If there is indeed an issue, can it be addressed by management? Several management options are available to conservationists managing existing populations or founding new populations of endangered bird species. The first is to pre-empt potential losses of immune function by acting to prevent or, at least, reduce the sizes of bottlenecks that populations go through. As Hale & Briskie (2007) note, it is likely that bottlenecks, less severe than those for which reduced measures of immune function have been documented, will avoid these issues. This reasoning is based on the fact that threshold population sizes above which bottleneck effects generally appear to be avoided have been identified for other bird life-history variables (Briskie & Mackintosh, 2004). Similar exploration of a potential population threshold for immune function would likewise provide much-needed guidance to conservationists.
If reduced immune function in bottlenecked bird populations is shown to be transitory, management solely to prevent challenge by infectious agents of concern during the initial period post-bottleneck may be all that is required before populations are once again resilient enough to withstand such challenges. Management to this end may take the form of disease screening of individuals being translocated between populations, population isolation and habitat management to reduce either the abundance of disease vectors (such as mosquitoes or ticks), or other stress factors on bird populations (Tompkins & Poulin, 2006).

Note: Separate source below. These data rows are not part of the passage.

(* Let $\sigma$ be a reasonable strategy of player $0$ in the escape arena $\mathcal{A}_\bot$ and $I_\sigma$ its set of improvements. Then every direct improvement $\sigma'$ of $\sigma$ satisfies $\sigma'\preceq I_\sigma$, i.e. $\mathcal{V}_{\sigma'}(s)\preceq\mathcal{V}_{I_\sigma}(s)$ for all vertices $s$.
   Context: Parity game arena: $\mathcal{A}=(V,E,o,c)$ with $V$ finite, $E\subseteq V\times V$, every vertex has a successor, owner map $o:V\to\{0,1\}$, colouring $c:V\to\{0,\dots,d-1\}$; $V_i=o^{-1}(i)$. An infinite vertex sequence is won by player $0$ (parity condition) iff the largest colour occurring infinitely often is even. A cycle $s_0\dots s_n$ ($s_{j+1}\in s_jE$, $s_0\in s_nE$) is $i$-dominated if its largest colour has parity $i$. Escape arena $\mathcal{A}_\bot$: vertices $V\cup\{\bot\}$, edges $E_\bot=E\cup(V_0\times\{\bot\})$, $\bot$ owned by player $0$ with no outgoing edges. Let $E_0=E_\bot\cap (V_0\times(V\cup\{\bot\}))$, $E_1=E\cap(V_1\times V)$. A strategy of player $i$ is a set $\sigma\subseteq E_i$ with $s\sigma\neq\emptyset$ for all $s\in V_i$. $\mathcal{A}_\bot|_{\sigma,\tau}$ is the graph with edge set $\sigma\cup\tau$, $\mathcal{A}_\bot|_\sigma$ the graph with edge set $\sigma\cup E_1$; a play is a maximal path (infinite or ending in $\bot$). Colour profiles: $\mathcal{P}=\mathbb{Z}^d\cup\{-\infty,\infty\}$, $\text{\o}$ the zero vector. $\wp(s)$ ($s\in V$) is the unit vector at coordinate $c(s)$; for a finite path $\wp$ is the sum over its vertices in $V$; for an infinite play $\wp=\infty$ if won by player $0$ under the parity condition, else $-\infty$. Addition componentwise, $x+\infty=\infty$, $x+(-\infty)=-\infty$. Total order $\prec$: $-\infty$ least, $\infty$ greatest; for distinct $p,p'\in\mathbb{Z}^d$ with $k$ the largest index where they differ, $p\prec p'$ iff ($k$ even and $p_k<p'_k$) or ($k$ odd and $p_k>p'_k$). Valuation of a player-$0$ strategy $\sigma$: $\mathcal{V}_\sigma(\bot)=\text{\o}$, and for $s\in V$, $\mathcal{V}_\sigma(s)=\min^{\prec}_{\tau}\max^{\prec}\{\wp(\pi)\mid\pi\text{ a play in }\mathcal{A}_\bot|_{\sigma,\tau}\text{ from }s\}$, min over player-$1$ strategies. $\sigma$ is reasonable if $\mathcal{A}_\bot|_\sigma$ has no $1$-dominated cycle. For strategies, $\sigma_a\preceq\sigma_b$ iff $\mathcal{V}_{\sigma_a}(s)\preceq\mathcal{V}_{\sigma_b}(s)$ for all $s$. For reasonable $\sigma$, $(s,t)\in E_0$ is an improvement if $\mathcal{V}_\sigma(s)\preceq\wp(s)+\mathcal{V}_\sigma(t)$; $I_\sigma$ is the set of all improvements. A direct improvement of $\sigma$ is a player-$0$ strategy $\sigma'\subseteq I_\sigma$. *)

From mathcomp Require Import all_boot all_order all_algebra.
From Stdlib Require Import ClassicalEpsilon.
Set Implicit Arguments. Unset Strict Implicit. Unset Printing Implicit Defensive.
Import Order.TTheory GRing.Theory Num.Theory.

If reduced immune function in bottlenecked bird species is shown not to be transitory, management to restore such function would also be necessary; otherwise, control of infectious agents would always be required. Theoretically, if losses in immune function experienced when passing through population bottlenecks are caused by reductions in genetic variation, restoration of such variation through outbreeding (achieved by moving either gametes or individuals between populations) would reverse that loss. Although demonstrating such a reverse with wild populations of endangered birds is likely to be impractical, a proof of concept experiment involving captive individuals would provide much-needed information on whether such management of immune function is possible. Evidence that hybridization with closely related species improves immune function in relatively inbred wild bird populations suggests that such within-species management would indeed be successful (Tompkins et al., 2006).